#### [Brief]
Which lines run from the one containing "IA_n = A_1. *)" to the end of the entries? Quote them exactly, and nothing else.

#### [Source data]

(* Andreadakis filtration: A_j = automorphisms acting trivially on
   F_n / Gamma_{j+1}(F_n), i.e. sigma(x) x^-1 in Gamma_{j+1}(F_n) for all x.
   IA_n = A_1. *)
Definition Andreadakis (n j : nat) (a : aut n) : Prop :=
  forall x : FG n, Gamma (G := Fn n) (fun _ => True) j.+1 (fmul (afwd a x) (finv x)).

Definition IA (n : nat) (a : aut n) : Prop := @Andreadakis n 1 a.

Definition is_subgroup n (H : aut n -> Prop) : Prop :=
  [/\ H (aone n),
      forall a b, H a -> H b -> H (amul a b)
    & forall a, H a -> H (ainv a)].

Definition prodset n (H K : aut n -> Prop) : aut n -> Prop :=
  fun a => exists h k, H h /\ K k /\ a = amul h k.

Definition andreadakis_eq n (H : aut n -> Prop) : Prop :=
  forall j, 1 <= j -> forall a,
    Gamma (G := AutF n) H j a <-> (@Andreadakis n j a /\ H a).

From mathcomp Require Import all_boot.
From Stdlib Require Import FunctionalExtensionality ProofIrrelevance.
Set Implicit Arguments. Unset Strict Implicit. Unset Printing Implicit Defensive.

(* An automorphism acting trivially modulo Gamma_{p+1} and one acting trivially
   modulo Gamma_{q+1} have a commutator acting trivially modulo Gamma_{p+q+1};
   this rests on [Gamma_a, Gamma_b] <= Gamma_{a+b}, obtained from the Hall-Witt
   identity.  Hence [A_1, A_j] <= A_{j+1}, and HK <= IA_n gives
   Gamma_j(HK) <= A_j.  Conversely, if hk lies in A_j, condition (2) applied
   to h^-1 and k lifts h and k together through A_1, ..., A_j, so by the
   Andreadakis equalities for H and K, hk lies in Gamma_j(H) Gamma_j(K),
   which is contained in Gamma_j(HK). *)

Section FreeGroupLaws.
Variable n : nat.
Implicit Types (x : letter n) (u w : seq (letter n)).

#### [Solution for this task]
   IA_n = A_1. *)
Definition Andreadakis (n j : nat) (a : aut n) : Prop :=
  forall x : FG n, Gamma (G := Fn n) (fun _ => True) j.+1 (fmul (afwd a x) (finv x)).

Definition IA (n : nat) (a : aut n) : Prop := @Andreadakis n 1 a.

Definition is_subgroup n (H : aut n -> Prop) : Prop :=
  [/\ H (aone n),
      forall a b, H a -> H b -> H (amul a b)
    & forall a, H a -> H (ainv a)].

Definition prodset n (H K : aut n -> Prop) : aut n -> Prop :=
  fun a => exists h k, H h /\ K k /\ a = amul h k.

Definition andreadakis_eq n (H : aut n -> Prop) : Prop :=
  forall j, 1 <= j -> forall a,
    Gamma (G := AutF n) H j a <-> (@Andreadakis n j a /\ H a).

From mathcomp Require Import all_boot.
From Stdlib Require Import FunctionalExtensionality ProofIrrelevance.
Set Implicit Arguments. Unset Strict Implicit. Unset Printing Implicit Defensive.

(* An automorphism acting trivially modulo Gamma_{p+1} and one acting trivially
   modulo Gamma_{q+1} have a commutator acting trivially modulo Gamma_{p+q+1};
   this rests on [Gamma_a, Gamma_b] <= Gamma_{a+b}, obtained from the Hall-Witt
   identity.  Hence [A_1, A_j] <= A_{j+1}, and HK <= IA_n gives
   Gamma_j(HK) <= A_j.  Conversely, if hk lies in A_j, condition (2) applied
   to h^-1 and k lifts h and k together through A_1, ..., A_j, so by the
   Andreadakis equalities for H and K, hk lies in Gamma_j(H) Gamma_j(K),
   which is contained in Gamma_j(HK). *)

Section FreeGroupLaws.
Variable n : nat.
Implicit Types (x : letter n) (u w : seq (letter n)).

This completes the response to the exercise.